Calculating Mass of Half Disc Plate with Proportional Density | Physics Homework

[chetzread]

Homework Statement

A plate is in the form of half disc of radius a and placed at positive y-axis. Given that the density of plate is directly proportional to the distance of the straight edge of the plate . Find the mass

Homework Equations

The Attempt at a Solution

$$\int_{0}^\pi \int_{0}^a\ kyr \, dr \, d\theta$$

i gt the ans is 2k(a^3)/3 , but the ans is k(a^3)/3

P/s : density is directly proportional to ky [/B]

 

[Jonathan Scott]

You don't seem to have anything in there to represent the fact that $y$ describes a half disc. You could for example define $y$ as a function of $x$, or convert to polar coordinates and define $y$ as a function of $r$ and $\theta$.

 

[Mark44]

You don't seem to have anything in there to represent the fact that $y$ describes a half disc. You could for example define $y$ as a function of $x$, or convert to polar coordinates and define $y$ as a function of $r$ and $\theta$.

The limits of integration of the polar integral show that the region of integration is a half circle.

Homework Statement

A plate is in the form of half disc of radius a and placed at positive y-axis.
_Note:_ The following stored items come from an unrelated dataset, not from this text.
(* Let $\varphi$ be a rule defined on $\mathcal{E}_{\mathcal{SP}}$. Then $\varphi$ satisfies own-peak-onliness, efficiency, the equal division guarantee, and not obvious manipulability (NOM) if and only if $\varphi$ is a simple rule.
   Context: Let $N=\{1,\dots,n\}$ be a finite set of agents. A preference $R_i$ is a continuous complete preorder on $\mathbb{R}_+\cup\{\infty\}$, with strict part $P_i$ and indifference $I_i$. Its peak is $p(R_i)=\{x: xR_iy \text{ for all } y\in\mathbb{R}_+\cup\{\infty\}\}$; when it is a singleton we identify it with its element. $R_i$ is single-peaked if $p(R_i)$ is a singleton and for all $x,x'\in\mathbb{R}_+$, $xP_ix'$ whenever $x'<x\le p(R_i)$ or $p(R_i)\le x<x'$. $\mathcal{SP}$ is the set of single-peaked preferences. An economy is a pair $(R,\Omega)$ with $R=(R_j)_{j\in N}\in\mathcal{SP}^n$ and $\Omega>0$; $\mathcal{E}_{\mathcal{SP}}$ is the set of all economies. A rule is a map $\varphi:\mathcal{E}_{\mathcal{SP}}\to\mathbb{R}^n_+$ with $\sum_{j\in N}\varphi_j(R,\Omega)=\Omega$ for every economy. Properties: Efficiency: for no economy is there $x\in\mathbb{R}^n_+$ with $\sum_j x_j=\Omega$, $x_iR_i\varphi_i(R,\Omega)$ for all $i$ and $x_iP_i\varphi_i(R,\Omega)$ for some $i$. Own-peak-onliness: if $p(R_i')=p(R_i)$ then $\varphi_i(R,\Omega)=\varphi_i(R_i',R_{-i},\Omega)$. Equal division guarantee: for every economy $(R,\Omega)$ and $i$ with $p(R_i)=\Omega/n$, $\varphi_i(R,\Omega)\,I_i\,\Omega/n$. Option set: $O^\varphi(R_i,\Omega)=\{\varphi_i(R_i,R_{-i},\Omega): R_{-i}\in\mathcal{SP}^{n-1}\}$. $R_i'$ is a manipulation of $\varphi$ at $(R_i,\Omega)$ if $\varphi_i(R_i',R_{-i},\Omega)P_i\varphi_i(R_i,R_{-i},\Omega)$ for some $R_{-i}$; it is an obvious manipulation if moreover for every $x'\in O^\varphi(R_i',\Omega)$ there is $x\in O^\varphi(R_i,\Omega)$ with $x'P_ix$. $\varphi$ is NOM if no agent $i$ has an obvious manipulation at any $(R_i,\Omega)$. Simple rules: for an economy let $z(R,\Omega)=\sum_j p(R_j)-\Omega$. Agent $i$ is simple if either $z(R,\Omega)\ge0$ and $p(R_i)<\Omega/n$, or $z(R,\Omega)\le 0$ and $p(R_i)>\Omega/n$; $N^+(R,\Omega)$ is the set of simple agents and $N^-(R,\Omega)=N\setminus N^+(R,\Omega)$. Let $E(R,\Omega)=\left|\Omega-\left(\sum_{j\in N^+}p(R_j)+|N^-|\frac{\Omega}{n}\right)\right|$. An own-peak-only rule $\varphi$ is simple if for every economy and every $i$: $\varphi_i(R,\Omega)=p(R_i)$ if $i\in N^+(R,\Omega)$; $\varphi_i(R,\Omega)=\frac{\Omega}{n}+\nu_i$ if $i\in N^-(R,\Omega)$ and $z(R,\Omega)\ge0$; $\varphi_i(R,\Omega)=\frac{\Omega}{n}-\nu_i$ if $i\in N^-(R,\Omega)$ and $z(R,\Omega)\le0$; where the numbers $\nu_i=\nu_i(R,\Omega)$ satisfy $0\le\nu_i\le|p(R_i)-\frac{\Omega}{n}|$ and $\sum_{j\in N^-(R,\Omega)}\nu_j=E(R,\Omega)$. *)

(* reals are an arbitrary 'R : realType';
   the consumption space R_+ \cup {oo} is modelled as [0, +oo] inside \bar R. *)
From HB Require Import structures.
From mathcomp Require Import all_boot all_order all_algebra.
From mathcomp Require Import all_classical all_reals.
From mathcomp Require Import topology ereal.
Set Implicit Arguments. Unset Strict Implicit. Unset Printing Implicit Defensive.
Import Order.TTheory GRing.Theory Num.Theory.
Local Open Scope ring_scope.
Local Open Scope classical_set_scope.

Section Defs.
Variable R : realType.

Definition cons_set : set (\bar R) := [set x | (0 <= x)%E].

(* a preference is a binary relation ("x R_i y": x is at least as good as y) *)
Definition pref := \bar R -> \bar R -> Prop.

Definition strict (Ri : pref) x y := Ri x y /\ ~ Ri y x.
Definition indiff (Ri : pref) x y := Ri x y /\ Ri y x.

Definition complete_preorder (Ri : pref) :=
  (forall x, cons_set x -> Ri x x) /\
  (forall x y z, cons_set x -> cons_set y -> cons_set z ->
     Ri x y -> Ri y z -> Ri x z) /\
  (forall x y, cons_set x -> cons_set y -> Ri x y \/ Ri y x).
Given that the density of plate is directly proportional to the distance of the straight edge of the plate . Find the mass

Homework Equations

The Attempt at a Solution

$$\int_{0}^\pi \int_{0}^a\ kyr \, dr \, d\theta$$

i gt the ans is 2k(a^3)/3 , but the ans is k(a^3)/3

P/s : density is directly proportional to ky

I get the same answer as you do, so either we have both made the same mistake, or there is an error in the book's answer.

In your integral above, you show y in the integrand. I assume that you changed this to $r\sin \theta$ in your work.

 

[chetzread]

The limits of integration of the polar integral show that the region of integration is a half circle.

I get the same answer as you do, so either we have both made the same mistake, or there is an error in the book's answer.

In your integral above, you show y in the integrand. I assume that you changed this to $r\sin \theta$ in your work.

Yes , I use X = R cos theta , and y = r sin theta